Every line with the word "TSum" in it should be extracted from the data that follows.

BEGIN SUPPLIED DATA

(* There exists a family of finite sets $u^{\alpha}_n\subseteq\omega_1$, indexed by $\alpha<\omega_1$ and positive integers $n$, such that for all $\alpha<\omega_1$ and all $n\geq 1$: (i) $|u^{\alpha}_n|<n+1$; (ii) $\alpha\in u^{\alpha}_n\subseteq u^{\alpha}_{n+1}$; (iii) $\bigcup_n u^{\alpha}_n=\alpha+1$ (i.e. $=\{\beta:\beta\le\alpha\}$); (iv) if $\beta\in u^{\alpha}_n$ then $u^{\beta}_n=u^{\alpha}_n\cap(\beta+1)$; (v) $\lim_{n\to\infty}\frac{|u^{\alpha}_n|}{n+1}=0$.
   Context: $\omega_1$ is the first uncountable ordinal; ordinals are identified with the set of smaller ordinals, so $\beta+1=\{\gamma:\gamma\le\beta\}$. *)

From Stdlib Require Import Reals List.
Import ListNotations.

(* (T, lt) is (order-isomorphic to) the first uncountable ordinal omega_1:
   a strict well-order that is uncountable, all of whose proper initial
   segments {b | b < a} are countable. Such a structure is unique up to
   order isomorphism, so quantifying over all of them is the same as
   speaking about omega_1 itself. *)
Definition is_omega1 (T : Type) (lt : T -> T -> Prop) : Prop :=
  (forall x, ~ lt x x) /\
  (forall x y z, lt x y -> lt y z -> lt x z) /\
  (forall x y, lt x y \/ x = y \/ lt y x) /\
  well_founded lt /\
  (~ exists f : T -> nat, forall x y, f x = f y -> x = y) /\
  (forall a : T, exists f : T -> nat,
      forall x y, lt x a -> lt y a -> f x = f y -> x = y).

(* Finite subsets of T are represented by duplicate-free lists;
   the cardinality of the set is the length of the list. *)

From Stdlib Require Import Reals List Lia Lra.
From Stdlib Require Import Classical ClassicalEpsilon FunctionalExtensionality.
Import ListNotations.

END SUPPLIED DATA
BEGIN SUPPLIED DATA

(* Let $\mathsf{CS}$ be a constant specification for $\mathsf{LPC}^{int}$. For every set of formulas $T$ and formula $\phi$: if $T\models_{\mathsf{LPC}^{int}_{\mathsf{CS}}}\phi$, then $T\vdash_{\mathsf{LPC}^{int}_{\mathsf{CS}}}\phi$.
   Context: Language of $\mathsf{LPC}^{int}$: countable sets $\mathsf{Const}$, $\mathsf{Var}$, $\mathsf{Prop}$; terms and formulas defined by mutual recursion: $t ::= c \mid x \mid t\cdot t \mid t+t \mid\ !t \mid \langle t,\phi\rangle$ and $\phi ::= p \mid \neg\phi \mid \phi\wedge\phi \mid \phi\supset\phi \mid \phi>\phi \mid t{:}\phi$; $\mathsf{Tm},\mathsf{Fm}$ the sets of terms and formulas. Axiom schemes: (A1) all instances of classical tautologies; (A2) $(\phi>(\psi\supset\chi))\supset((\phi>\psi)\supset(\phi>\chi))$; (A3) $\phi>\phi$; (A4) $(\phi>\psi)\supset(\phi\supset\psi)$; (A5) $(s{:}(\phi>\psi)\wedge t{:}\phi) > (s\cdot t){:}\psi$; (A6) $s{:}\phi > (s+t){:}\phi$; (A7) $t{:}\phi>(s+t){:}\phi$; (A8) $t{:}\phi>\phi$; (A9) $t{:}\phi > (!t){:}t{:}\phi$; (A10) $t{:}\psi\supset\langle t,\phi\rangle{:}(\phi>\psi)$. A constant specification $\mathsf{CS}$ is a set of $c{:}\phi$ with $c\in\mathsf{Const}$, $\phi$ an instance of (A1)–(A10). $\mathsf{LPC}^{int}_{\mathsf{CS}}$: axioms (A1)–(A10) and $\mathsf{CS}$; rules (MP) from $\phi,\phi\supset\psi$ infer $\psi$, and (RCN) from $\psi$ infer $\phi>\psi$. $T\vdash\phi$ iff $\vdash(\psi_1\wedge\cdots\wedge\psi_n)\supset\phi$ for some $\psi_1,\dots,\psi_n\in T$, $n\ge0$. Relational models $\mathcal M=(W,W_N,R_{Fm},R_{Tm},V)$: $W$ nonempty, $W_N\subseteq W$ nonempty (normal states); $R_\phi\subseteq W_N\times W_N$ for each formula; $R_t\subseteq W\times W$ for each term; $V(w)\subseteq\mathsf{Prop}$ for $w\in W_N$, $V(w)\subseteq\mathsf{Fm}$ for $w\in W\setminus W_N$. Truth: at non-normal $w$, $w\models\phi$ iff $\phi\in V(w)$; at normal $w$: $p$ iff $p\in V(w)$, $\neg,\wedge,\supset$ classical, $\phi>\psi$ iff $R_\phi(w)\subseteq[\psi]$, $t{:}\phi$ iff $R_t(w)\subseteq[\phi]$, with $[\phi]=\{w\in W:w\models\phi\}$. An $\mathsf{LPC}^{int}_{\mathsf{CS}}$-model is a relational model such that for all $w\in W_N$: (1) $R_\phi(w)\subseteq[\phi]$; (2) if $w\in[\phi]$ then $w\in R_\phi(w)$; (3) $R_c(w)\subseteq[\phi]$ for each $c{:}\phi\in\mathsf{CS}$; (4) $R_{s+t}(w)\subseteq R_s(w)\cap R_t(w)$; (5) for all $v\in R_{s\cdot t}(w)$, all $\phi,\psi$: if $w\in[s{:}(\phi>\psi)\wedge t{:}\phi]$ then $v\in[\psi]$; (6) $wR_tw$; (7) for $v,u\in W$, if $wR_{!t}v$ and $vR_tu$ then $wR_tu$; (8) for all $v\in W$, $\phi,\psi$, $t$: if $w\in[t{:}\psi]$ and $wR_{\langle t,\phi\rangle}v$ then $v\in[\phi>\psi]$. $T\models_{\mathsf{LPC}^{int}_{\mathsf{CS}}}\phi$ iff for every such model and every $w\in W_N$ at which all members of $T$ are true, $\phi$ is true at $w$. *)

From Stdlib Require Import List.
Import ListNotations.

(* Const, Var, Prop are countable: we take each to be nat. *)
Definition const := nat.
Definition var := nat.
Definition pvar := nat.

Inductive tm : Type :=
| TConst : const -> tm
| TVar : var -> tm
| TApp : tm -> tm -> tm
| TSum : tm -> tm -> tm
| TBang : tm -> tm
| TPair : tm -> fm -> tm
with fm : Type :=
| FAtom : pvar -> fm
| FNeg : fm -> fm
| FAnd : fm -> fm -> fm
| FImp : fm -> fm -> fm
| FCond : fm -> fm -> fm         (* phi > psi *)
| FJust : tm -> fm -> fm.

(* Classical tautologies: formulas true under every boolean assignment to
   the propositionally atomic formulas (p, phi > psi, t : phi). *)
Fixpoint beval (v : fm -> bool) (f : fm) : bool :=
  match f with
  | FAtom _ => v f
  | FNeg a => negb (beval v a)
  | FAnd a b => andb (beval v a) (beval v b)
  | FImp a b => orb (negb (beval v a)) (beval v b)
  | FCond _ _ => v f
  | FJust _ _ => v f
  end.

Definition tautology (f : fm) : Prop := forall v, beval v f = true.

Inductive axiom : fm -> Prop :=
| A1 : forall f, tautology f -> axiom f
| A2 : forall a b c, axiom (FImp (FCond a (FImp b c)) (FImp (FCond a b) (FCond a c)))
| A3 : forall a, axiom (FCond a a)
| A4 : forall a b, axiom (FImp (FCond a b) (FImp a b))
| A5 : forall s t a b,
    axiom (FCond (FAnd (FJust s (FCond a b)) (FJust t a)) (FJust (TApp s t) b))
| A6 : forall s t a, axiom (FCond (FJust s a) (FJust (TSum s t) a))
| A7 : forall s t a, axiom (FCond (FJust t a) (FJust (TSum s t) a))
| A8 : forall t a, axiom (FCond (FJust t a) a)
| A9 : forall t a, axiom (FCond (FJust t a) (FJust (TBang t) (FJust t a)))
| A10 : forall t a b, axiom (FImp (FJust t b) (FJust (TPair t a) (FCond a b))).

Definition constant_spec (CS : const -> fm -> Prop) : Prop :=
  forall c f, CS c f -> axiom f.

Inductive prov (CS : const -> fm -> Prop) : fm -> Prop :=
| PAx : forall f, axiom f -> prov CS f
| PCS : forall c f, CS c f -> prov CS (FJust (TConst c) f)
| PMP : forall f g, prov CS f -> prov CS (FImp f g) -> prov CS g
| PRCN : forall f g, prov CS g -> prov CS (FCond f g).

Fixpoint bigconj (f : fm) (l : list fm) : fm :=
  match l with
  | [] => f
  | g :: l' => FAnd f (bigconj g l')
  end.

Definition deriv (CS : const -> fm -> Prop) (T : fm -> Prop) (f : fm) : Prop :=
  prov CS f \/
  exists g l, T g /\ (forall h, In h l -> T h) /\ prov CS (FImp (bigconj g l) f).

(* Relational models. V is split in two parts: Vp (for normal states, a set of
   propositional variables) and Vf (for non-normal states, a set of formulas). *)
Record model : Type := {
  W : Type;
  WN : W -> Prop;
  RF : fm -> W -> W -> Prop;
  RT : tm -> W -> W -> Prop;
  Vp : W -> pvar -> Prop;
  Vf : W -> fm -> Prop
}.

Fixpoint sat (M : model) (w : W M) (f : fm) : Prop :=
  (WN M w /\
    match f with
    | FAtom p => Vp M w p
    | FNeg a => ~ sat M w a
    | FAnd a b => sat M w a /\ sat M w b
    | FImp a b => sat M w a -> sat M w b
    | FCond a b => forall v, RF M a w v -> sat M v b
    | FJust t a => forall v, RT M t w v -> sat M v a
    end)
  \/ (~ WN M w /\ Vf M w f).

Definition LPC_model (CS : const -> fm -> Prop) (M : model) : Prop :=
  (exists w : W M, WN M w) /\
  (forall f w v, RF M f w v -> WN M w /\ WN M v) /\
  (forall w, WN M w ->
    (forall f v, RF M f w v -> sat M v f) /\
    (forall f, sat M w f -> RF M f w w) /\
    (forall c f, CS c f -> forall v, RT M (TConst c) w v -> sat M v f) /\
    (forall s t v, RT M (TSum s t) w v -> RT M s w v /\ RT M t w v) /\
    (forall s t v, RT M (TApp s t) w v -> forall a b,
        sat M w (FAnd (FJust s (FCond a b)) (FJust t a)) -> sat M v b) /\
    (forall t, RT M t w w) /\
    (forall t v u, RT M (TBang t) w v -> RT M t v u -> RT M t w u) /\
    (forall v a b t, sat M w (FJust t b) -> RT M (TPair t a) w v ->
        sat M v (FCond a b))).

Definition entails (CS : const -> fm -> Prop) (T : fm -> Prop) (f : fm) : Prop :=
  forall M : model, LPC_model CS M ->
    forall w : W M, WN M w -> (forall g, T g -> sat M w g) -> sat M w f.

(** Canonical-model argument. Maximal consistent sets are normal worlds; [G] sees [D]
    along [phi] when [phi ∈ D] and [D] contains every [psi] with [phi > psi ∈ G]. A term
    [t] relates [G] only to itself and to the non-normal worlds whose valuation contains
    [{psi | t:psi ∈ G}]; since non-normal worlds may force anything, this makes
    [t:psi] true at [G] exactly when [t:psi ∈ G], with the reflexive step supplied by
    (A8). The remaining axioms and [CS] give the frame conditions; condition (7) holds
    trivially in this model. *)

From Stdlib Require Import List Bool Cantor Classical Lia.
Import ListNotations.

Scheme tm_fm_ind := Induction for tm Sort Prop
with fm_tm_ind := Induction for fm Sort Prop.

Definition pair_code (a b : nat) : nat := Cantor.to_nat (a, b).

END SUPPLIED DATA
BEGIN SUPPLIED DATA

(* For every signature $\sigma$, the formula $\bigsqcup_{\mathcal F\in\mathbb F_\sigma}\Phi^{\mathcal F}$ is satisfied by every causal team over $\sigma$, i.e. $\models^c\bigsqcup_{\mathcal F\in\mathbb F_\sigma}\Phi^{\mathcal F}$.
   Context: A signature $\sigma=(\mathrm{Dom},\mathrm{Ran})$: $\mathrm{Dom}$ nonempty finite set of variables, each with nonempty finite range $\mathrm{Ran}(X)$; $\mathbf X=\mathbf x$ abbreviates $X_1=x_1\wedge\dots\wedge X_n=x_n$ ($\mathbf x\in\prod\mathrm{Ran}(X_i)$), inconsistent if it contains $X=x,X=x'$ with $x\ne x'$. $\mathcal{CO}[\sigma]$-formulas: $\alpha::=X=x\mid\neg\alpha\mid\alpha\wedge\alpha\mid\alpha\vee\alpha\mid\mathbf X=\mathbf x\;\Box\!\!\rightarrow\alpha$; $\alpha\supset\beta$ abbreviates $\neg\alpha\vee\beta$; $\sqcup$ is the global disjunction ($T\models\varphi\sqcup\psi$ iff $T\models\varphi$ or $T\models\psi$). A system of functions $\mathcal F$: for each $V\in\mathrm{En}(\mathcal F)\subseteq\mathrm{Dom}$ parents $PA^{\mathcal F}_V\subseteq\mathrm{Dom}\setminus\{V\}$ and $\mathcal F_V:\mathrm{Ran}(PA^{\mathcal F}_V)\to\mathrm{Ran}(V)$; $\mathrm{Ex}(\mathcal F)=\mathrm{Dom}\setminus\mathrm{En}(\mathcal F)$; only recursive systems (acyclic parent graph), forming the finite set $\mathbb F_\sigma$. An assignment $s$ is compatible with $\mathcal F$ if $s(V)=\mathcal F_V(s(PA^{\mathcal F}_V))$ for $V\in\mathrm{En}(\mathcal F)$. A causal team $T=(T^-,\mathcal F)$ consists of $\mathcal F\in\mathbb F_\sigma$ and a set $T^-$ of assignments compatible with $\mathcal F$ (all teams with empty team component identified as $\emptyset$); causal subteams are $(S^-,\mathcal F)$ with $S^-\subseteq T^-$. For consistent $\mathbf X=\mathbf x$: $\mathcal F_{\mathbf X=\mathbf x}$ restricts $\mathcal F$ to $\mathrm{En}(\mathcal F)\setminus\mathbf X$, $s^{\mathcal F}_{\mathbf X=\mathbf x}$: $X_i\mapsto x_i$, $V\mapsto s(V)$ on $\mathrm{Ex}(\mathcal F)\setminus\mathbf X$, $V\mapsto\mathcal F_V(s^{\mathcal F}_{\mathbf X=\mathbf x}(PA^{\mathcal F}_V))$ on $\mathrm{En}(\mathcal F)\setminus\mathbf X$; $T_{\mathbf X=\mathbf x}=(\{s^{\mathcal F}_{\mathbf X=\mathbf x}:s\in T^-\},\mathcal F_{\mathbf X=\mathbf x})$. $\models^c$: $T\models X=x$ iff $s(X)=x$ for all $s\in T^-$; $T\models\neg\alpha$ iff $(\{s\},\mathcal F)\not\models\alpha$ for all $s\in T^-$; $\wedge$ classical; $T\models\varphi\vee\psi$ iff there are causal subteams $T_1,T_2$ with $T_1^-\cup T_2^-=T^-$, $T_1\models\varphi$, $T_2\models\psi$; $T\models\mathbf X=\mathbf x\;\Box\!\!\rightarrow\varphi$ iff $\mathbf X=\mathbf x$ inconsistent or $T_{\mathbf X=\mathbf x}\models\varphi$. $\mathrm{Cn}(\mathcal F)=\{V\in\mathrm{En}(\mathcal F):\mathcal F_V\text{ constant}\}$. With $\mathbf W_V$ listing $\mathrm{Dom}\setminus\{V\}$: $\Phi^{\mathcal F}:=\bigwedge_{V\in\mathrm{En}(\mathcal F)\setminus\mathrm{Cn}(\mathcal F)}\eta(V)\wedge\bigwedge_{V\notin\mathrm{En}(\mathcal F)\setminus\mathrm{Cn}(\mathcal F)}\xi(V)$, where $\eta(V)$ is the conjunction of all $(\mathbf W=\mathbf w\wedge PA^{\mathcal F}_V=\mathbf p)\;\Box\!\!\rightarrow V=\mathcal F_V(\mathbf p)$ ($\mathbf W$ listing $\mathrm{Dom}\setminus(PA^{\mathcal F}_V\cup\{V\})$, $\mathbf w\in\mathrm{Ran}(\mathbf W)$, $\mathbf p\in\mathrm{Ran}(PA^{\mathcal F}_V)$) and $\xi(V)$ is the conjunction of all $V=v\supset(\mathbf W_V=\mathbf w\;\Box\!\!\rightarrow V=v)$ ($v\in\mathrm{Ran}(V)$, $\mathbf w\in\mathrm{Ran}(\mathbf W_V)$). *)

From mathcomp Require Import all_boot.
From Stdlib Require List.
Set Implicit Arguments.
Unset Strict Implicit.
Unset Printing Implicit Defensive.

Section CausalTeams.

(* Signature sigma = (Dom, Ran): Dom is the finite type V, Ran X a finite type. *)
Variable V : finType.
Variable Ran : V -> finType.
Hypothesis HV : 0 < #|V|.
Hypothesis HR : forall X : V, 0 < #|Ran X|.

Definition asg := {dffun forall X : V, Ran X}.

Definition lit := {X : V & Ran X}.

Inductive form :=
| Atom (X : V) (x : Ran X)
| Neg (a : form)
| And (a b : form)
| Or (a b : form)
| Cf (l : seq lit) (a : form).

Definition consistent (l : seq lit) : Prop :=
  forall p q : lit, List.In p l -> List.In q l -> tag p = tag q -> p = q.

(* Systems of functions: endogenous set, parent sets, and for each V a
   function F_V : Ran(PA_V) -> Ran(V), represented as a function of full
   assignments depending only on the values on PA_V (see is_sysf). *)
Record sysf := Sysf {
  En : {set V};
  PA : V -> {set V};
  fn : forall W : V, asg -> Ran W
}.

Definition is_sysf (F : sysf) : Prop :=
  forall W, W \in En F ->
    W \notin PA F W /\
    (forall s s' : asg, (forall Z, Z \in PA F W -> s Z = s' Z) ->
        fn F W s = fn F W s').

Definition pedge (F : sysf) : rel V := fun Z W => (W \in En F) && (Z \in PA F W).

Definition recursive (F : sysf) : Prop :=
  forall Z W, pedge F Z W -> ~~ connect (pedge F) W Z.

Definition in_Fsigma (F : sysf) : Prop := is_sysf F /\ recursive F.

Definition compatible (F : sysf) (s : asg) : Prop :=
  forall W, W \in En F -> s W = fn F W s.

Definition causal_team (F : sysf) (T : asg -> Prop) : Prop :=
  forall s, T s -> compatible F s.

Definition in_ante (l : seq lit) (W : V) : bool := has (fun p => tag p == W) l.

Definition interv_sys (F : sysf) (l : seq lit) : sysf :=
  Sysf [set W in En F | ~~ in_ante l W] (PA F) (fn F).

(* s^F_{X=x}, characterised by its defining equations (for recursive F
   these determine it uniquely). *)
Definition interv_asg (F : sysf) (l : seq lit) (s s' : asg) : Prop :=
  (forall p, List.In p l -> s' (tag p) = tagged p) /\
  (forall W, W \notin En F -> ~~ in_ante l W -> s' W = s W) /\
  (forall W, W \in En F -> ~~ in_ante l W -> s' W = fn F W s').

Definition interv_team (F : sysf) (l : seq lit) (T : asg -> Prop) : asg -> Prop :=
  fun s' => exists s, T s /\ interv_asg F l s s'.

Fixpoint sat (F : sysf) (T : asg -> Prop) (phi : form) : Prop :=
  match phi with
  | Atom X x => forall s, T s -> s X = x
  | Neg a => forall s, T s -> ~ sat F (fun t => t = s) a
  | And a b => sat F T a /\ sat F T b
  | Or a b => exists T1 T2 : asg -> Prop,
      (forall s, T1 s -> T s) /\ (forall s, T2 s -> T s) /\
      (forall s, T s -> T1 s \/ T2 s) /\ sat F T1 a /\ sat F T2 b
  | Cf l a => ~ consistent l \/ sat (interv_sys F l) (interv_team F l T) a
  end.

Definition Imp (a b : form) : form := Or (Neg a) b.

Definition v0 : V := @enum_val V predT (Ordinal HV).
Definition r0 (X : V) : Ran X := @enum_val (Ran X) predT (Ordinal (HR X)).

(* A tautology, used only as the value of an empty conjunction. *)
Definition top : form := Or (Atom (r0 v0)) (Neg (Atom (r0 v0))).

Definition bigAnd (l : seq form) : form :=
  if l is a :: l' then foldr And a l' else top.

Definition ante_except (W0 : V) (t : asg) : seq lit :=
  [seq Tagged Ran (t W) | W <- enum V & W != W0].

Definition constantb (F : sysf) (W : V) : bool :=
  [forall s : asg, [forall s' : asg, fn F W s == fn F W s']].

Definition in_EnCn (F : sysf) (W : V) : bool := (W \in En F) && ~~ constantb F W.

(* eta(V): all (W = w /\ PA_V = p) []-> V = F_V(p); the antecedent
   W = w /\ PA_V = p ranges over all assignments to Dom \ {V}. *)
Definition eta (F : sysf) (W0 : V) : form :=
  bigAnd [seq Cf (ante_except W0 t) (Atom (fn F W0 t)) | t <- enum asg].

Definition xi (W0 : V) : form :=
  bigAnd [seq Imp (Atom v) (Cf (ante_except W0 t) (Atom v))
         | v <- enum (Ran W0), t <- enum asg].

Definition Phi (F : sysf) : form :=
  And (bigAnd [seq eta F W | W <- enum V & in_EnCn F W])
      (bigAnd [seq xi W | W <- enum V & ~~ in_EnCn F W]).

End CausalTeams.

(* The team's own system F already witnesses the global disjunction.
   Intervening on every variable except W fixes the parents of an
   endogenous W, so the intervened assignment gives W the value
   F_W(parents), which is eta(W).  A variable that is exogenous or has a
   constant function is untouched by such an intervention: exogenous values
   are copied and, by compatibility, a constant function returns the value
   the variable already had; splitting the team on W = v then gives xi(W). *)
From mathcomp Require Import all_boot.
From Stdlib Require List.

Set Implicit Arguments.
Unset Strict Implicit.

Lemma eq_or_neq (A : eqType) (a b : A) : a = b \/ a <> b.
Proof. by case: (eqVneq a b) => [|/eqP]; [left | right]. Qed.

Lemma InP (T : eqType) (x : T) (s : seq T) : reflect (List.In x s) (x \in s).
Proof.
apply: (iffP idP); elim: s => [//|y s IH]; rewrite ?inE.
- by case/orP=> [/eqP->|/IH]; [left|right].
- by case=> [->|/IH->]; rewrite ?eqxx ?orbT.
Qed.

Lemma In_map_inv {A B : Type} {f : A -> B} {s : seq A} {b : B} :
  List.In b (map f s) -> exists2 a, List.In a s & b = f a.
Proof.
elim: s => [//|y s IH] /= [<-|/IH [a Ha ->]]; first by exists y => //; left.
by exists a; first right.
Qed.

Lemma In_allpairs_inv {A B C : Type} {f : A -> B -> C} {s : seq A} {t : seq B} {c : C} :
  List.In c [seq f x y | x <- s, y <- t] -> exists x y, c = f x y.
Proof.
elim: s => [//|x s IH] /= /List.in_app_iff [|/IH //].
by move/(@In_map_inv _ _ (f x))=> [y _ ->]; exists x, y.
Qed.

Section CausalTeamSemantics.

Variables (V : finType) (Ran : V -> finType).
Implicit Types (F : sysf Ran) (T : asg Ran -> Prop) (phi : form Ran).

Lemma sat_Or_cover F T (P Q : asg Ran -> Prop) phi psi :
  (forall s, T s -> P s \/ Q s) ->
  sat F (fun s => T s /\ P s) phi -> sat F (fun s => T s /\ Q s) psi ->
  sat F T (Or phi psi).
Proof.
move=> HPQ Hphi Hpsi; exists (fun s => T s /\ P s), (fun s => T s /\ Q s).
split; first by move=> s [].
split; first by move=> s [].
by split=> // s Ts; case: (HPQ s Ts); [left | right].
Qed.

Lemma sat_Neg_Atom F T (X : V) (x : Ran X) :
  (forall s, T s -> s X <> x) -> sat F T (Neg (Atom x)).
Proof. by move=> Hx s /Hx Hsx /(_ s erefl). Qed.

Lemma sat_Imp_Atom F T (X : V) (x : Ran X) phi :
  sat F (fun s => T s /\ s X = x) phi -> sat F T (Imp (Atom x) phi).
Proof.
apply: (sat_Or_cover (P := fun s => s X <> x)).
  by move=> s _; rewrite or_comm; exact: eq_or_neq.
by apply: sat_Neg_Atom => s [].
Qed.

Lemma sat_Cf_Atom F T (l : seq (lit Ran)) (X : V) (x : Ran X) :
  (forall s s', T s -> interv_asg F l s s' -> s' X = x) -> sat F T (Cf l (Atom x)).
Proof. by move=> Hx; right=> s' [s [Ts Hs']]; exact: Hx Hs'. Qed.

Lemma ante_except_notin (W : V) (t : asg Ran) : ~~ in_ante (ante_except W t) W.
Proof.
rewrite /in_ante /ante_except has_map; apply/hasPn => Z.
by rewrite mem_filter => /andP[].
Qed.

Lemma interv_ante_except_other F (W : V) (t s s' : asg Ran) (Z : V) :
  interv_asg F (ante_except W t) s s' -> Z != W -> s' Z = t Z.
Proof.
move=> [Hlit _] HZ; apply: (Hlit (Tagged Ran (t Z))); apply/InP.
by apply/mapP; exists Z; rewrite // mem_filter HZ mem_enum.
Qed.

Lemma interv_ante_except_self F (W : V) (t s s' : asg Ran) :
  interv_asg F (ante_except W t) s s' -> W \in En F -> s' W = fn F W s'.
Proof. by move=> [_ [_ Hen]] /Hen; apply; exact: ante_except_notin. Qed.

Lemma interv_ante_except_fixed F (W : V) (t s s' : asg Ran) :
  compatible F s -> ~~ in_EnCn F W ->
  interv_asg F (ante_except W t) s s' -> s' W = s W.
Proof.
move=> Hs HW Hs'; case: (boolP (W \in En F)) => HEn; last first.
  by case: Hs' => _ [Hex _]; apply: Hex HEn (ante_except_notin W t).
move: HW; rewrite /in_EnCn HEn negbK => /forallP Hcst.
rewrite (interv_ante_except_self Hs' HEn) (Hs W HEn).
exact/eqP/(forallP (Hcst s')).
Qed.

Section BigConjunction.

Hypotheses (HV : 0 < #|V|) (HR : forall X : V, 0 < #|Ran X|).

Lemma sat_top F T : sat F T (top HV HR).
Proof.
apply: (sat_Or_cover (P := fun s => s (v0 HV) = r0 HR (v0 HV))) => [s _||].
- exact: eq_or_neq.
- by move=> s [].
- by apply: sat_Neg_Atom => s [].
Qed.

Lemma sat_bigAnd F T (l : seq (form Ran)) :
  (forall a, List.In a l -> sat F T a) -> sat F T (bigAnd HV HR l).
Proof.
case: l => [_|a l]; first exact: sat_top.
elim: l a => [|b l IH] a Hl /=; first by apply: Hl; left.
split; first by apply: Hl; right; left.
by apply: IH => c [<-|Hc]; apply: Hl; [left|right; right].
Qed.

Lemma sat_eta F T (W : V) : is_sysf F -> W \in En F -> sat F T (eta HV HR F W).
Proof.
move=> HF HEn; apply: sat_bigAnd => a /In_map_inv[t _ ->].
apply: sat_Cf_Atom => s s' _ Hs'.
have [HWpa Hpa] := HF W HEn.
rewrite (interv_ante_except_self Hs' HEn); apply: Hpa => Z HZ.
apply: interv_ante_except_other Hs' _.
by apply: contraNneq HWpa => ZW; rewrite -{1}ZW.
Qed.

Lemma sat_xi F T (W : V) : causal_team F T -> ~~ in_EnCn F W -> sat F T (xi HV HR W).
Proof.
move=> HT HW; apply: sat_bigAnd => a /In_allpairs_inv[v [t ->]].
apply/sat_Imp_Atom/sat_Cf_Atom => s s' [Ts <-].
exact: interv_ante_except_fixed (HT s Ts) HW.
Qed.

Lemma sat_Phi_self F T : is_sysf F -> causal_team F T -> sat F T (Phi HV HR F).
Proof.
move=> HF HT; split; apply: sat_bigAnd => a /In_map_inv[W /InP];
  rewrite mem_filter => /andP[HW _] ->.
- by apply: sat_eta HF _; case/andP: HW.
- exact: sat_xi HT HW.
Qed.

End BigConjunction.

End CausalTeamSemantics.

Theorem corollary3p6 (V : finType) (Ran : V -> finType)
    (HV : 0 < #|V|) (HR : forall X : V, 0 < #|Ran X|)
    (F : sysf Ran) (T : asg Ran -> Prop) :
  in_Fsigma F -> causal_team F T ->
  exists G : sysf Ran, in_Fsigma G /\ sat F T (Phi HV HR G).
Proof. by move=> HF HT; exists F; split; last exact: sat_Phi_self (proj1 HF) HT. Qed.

END SUPPLIED DATA

_EXPECTED ANSWER_
| TSum : tm -> tm -> tm
| A6 : forall s t a, axiom (FCond (FJust s a) (FJust (TSum s t) a))
| A7 : forall s t a, axiom (FCond (FJust t a) (FJust (TSum s t) a))
    (forall s t v, RT M (TSum s t) w v -> RT M s w v /\ RT M t w v) /\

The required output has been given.